• What to produce
In the listing below, the lines from the first through the one with "apply: divr_ge0; last exact: (gfib_pos _).1." are to be copied word for word.

• Extracted material
════════
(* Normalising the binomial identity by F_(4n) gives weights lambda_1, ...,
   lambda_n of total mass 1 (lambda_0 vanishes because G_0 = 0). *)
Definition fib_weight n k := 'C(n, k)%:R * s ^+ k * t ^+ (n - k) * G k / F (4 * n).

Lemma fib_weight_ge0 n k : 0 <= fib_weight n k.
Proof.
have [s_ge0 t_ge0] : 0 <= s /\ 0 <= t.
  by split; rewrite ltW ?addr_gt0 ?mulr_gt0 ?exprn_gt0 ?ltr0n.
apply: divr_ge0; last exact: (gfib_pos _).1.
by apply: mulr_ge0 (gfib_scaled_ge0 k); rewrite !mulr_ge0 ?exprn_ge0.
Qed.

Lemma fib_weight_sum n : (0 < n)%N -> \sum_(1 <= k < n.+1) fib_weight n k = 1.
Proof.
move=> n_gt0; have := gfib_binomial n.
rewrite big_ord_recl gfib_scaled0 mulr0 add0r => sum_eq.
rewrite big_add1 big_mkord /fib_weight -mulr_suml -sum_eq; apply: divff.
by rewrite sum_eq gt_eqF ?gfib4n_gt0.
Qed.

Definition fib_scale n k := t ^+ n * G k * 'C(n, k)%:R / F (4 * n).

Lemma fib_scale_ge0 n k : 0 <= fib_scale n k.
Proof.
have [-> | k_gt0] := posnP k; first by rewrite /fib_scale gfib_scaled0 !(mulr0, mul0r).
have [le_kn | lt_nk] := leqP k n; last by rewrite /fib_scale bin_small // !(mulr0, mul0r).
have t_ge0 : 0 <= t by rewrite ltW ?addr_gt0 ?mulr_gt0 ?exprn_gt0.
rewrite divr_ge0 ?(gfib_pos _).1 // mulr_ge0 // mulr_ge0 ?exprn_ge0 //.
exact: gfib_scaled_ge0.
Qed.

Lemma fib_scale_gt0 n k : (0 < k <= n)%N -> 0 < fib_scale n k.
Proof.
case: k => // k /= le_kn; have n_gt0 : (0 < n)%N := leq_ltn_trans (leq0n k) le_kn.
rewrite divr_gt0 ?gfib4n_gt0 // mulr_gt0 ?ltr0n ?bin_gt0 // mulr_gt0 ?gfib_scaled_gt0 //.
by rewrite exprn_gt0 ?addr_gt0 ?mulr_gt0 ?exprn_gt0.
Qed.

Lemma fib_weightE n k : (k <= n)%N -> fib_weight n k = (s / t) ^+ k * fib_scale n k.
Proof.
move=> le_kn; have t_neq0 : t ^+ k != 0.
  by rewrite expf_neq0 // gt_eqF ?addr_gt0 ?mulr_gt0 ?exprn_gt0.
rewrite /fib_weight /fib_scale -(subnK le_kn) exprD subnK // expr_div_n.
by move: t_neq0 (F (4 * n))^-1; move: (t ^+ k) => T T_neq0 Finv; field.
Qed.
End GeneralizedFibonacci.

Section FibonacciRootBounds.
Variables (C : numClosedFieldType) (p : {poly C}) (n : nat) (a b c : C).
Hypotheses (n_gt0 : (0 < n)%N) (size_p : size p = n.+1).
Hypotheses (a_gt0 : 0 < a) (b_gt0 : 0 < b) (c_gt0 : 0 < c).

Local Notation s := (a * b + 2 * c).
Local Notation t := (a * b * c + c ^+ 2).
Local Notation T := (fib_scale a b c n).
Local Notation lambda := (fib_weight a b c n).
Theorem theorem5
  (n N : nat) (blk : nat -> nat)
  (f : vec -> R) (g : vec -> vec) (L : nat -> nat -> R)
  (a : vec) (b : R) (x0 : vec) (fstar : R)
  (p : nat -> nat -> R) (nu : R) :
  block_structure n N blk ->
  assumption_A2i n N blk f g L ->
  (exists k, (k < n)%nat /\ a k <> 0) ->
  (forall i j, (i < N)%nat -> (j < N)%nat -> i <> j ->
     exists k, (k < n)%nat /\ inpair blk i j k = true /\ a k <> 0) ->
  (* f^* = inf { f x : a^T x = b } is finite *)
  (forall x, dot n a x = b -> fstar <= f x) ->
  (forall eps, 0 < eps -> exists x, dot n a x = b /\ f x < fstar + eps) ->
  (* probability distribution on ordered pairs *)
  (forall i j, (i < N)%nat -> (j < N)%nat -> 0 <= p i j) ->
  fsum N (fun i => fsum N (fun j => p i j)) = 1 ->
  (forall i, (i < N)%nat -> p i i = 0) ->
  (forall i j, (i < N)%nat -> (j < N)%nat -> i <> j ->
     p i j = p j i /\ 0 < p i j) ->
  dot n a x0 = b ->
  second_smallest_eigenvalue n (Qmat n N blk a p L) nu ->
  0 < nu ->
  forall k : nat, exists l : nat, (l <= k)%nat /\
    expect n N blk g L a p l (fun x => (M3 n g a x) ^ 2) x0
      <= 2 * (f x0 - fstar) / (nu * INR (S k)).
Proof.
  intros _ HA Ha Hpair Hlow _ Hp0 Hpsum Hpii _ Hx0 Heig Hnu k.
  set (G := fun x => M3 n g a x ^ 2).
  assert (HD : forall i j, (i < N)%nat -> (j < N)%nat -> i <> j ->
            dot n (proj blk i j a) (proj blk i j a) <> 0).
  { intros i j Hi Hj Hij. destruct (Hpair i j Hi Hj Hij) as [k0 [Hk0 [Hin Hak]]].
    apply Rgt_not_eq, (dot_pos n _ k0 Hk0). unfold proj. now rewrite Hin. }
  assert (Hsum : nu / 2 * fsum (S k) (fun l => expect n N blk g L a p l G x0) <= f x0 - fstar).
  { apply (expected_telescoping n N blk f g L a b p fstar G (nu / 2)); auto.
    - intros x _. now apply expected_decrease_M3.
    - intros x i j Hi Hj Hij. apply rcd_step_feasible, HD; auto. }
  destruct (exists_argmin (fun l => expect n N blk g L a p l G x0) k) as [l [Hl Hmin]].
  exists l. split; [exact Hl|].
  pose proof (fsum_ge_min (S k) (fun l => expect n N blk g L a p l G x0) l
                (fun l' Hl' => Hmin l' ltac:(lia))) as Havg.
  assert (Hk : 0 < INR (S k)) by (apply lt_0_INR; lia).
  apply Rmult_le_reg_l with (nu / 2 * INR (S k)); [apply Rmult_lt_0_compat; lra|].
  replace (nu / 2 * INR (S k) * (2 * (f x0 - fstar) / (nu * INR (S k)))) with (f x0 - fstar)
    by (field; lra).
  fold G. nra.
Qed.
════════
• The completed task
(* Normalising the binomial identity by F_(4n) gives weights lambda_1, ...,
   lambda_n of total mass 1 (lambda_0 vanishes because G_0 = 0). *)
Definition fib_weight n k := 'C(n, k)%:R * s ^+ k * t ^+ (n - k) * G k / F (4 * n).

Lemma fib_weight_ge0 n k : 0 <= fib_weight n k.
Proof.
have [s_ge0 t_ge0] : 0 <= s /\ 0 <= t.
  by split; rewrite ltW ?addr_gt0 ?mulr_gt0 ?exprn_gt0 ?ltr0n.
apply: divr_ge0; last exact: (gfib_pos _).1.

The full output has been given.